Jean Hubb's fine story, 'It's About Time', allows the reader a glimpse of Blake's suppressed desire to give up fighting and withdraw to a world abounding in natural beauties. Blake's dilemma is here represented in terms of choosing between two notions of time: mythological time - suggesting a life in harmony with Nature and its cycles; and historical time - which implies living in a man-made world, with the full awareness of one's responsibility in constructing and revising this world. The attraction 'mythological time' holds for Blake and his final decision to opt for 'historical time' are wonderfully compressed in just a few sentences. Blake tells Avon that as a young engineer he was sent to a planet the Federation wanted to colonise. While working on the dam controlling one of the planet's major rivers, he was fascinated by the natural beauties. Suddenly, however, 'His memory stirred again. "As I remember, it was then that I first learned the Federation used slave labour." He frowned and lapsed into silence.'
Blake is too sorely aware of the general injustice and the suffering of others to abandon history. The sense of obligation forces him to return to historical time. His initial desire for a simple, uncomplicated life close to land and nature turns into a distant hope, a vision of some future he may never live to see. 'Blake wondered how many people were living amongst these trees.

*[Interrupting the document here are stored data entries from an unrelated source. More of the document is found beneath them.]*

(* Let $L=(L_1,\dots,L_N)$ be a contraction path (in the sense of the context), let $\{\phi_{P,q}\}$ be a family of nondecreasing maps $\mathbb{R}_{\ge 0}\to\mathbb{R}_{\ge 0}$ and $\oplus$ an operation as in the context, and let $f$ be the associated tree-separable cost function. Then the procedure $\mathrm{ORDER}(L)$ defined in the context returns a pair $(A,B)$ such that: (i) $A$ is a loop order for $L$ with $f(L,A)=\min_{A'} f(L,A')$, the minimum taken over all loop orders $A'$ for $L$; (ii) $B$ minimizes $f(L,B')$ over all loop orders $B'$ for $L$ whose root differs from the root of $A$ (and $B=\bot$, with cost $+\infty$, if no such loop order exists).
   Context: Indices are abstract symbols. A term is a triple $(K_1,K_2,K_3)$ of finite sets of indices (indices of the two operands and of the output of a pairwise contraction); its index set is $U(K_1,K_2,K_3)=K_1\cup K_2\cup K_3$. A contraction path is a finite sequence $L=(L_1,\dots,L_N)$ of terms with nonempty index sets ($N=0$ allowed). For a term $t$ and index $q$, $t\setminus q$ denotes the term obtained by deleting $q$ from each of its three sets. A loop order for $L$ is a tuple $A=(A_1,\dots,A_N)$ where each $A_i$ is a sequence listing every element of $U(L_i)$ exactly once. For $N\ge1$, the root of $A$ is $q=A_1[1]$. Peeling $A$: let $r$ be the largest integer with $A_1[1]=\dots=A_r[1]=q$. Then $L^{(1)}$ is the sequence $(L_1\setminus q,\dots,L_r\setminus q)$ with terms having empty index set deleted, and $A^{(1)}$ is the corresponding loop order for $L^{(1)}$ consisting of the sequences $A_i[2:]$ ($A_i$ with its first element removed) for those $i\le r$ with $|A_i|\ge2$; also $L^{(2)}=(L_{r+1},\dots,L_N)$ and $A^{(2)}=(A_{r+1},\dots,A_N)$. Cost function: let $\oplus$ be an associative binary operation on $\mathbb{R}_{\ge0}$ (extended to $+\infty$ in the obvious monotone way) that is nondecreasing in each argument and has $0$ as identity (e.g. $+$ or $\max$). For every contraction path $P$ and index $q$ let $\phi_{P,q}:\mathbb{R}_{\ge0}\to\mathbb{R}_{\ge0}$ be nondecreasing. The tree-separable cost $f$ is defined recursively by $f(L,A)=0$ if $N=0$, and otherwise $f(L,A)=\phi_{(L_1,\dots,L_r),q}\big(f(L^{(1)},A^{(1)})\big)\oplus f(L^{(2)},A^{(2)})$, with $q,r,L^{(i)},A^{(i)}$ from peeling. (Thus $\phi$ is applied at each loop of the fully fused loop-nest forest obtained by fusing common leading indices of consecutive terms, and costs of sibling subtrees are combined by $\oplus$.) Procedure $\mathrm{ORDER}(L)$: if $N=0$, return $(\emptyset,\bot)$ where $\emptyset$ is the empty loop order (cost $0$) and $\bot$ means ''no order'' (cost $+\infty$). Otherwise, for each $q\in U(L_1)$, let $k$ be the largest integer with $q\in U(L_i)$ for all $i\le k$; for each $s=1,\dots,k$: let $X$ be $(L_1\setminus q,\dots,L_s\setminus q)$ with empty-index-set terms deleted, and $Y=(L_{s+1},\dots,L_N)$; compute $(A^X,\cdot)=\mathrm{ORDER}(X)$ and $(\bar A^Y,\bar B^Y)=\mathrm{ORDER}(Y)$; set $A^Y=\bar B^Y$ if $Y$ is nonempty and the root of $\bar A^Y$ is $q$, and $A^Y=\bar A^Y$ otherwise. The candidate order $C_{q,s}$ has, for $i\le s$, $i$-th sequence equal to $q$ followed by the sequence for $L_i\setminus q$ in $A^X$ (just $(q)$ if that term was deleted), followed by the sequences of $A^Y$; its value is $\delta_{q,s}=\phi_{(L_1,\dots,L_s),q}\big(f(X,A^X)\big)\oplus f(Y,A^Y)$ (taken as $+\infty$ if $A^Y=\bot$). For each $q$ let $C_q$ be a candidate $C_{q,s}$ of minimal $\delta_{q,s}$. Return $A=C_{q^*}$ for a $q^*$ minimizing this value, and $B=C_{q'}$ for $q'\neq q^*$ minimizing this value among the remaining $q$ (or $\bot$ if $U(L_1)=\{q^*\}$). *)

From HB Require Import structures.
From mathcomp Require Import all_boot all_order all_algebra.
From mathcomp Require Import finmap.
From mathcomp Require Import reals.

Perhaps there was room for one more... The sun was fully risen. The warmth sinking into his bones reminded him of the passage of time. He couldn't stay here... The Federation had too much to answer for. Even if it was too late for his family, there were thousands of others to be freed. Everyone should be able to stand on his own front porch and breathe freely. Like this.'
The most comprehensive 'catalogue of grievances', i.e., the Federation's evil practices which have driven Blake and others to rebellion, may be found in Sondra Sweigman's 'Proclamation of Principles'. I was much more moved, however, by a sentence in another Sondra Sweigman's story, 'Blake's Heart'. In very simple words, it manages to capture Blake's generosity of spirit and show he doesn't hate those who are not willing to help him. I must resume my struggle, Blake tells himself, 'for the sake of all those who cannot fight for themselves, who cannot speak for themselves, whose voices have been stilled whether by death, ignorance, confusion or fear.' Thoughts like this inspire tolerance and understanding - two valuable threads for the embroidery of the heart.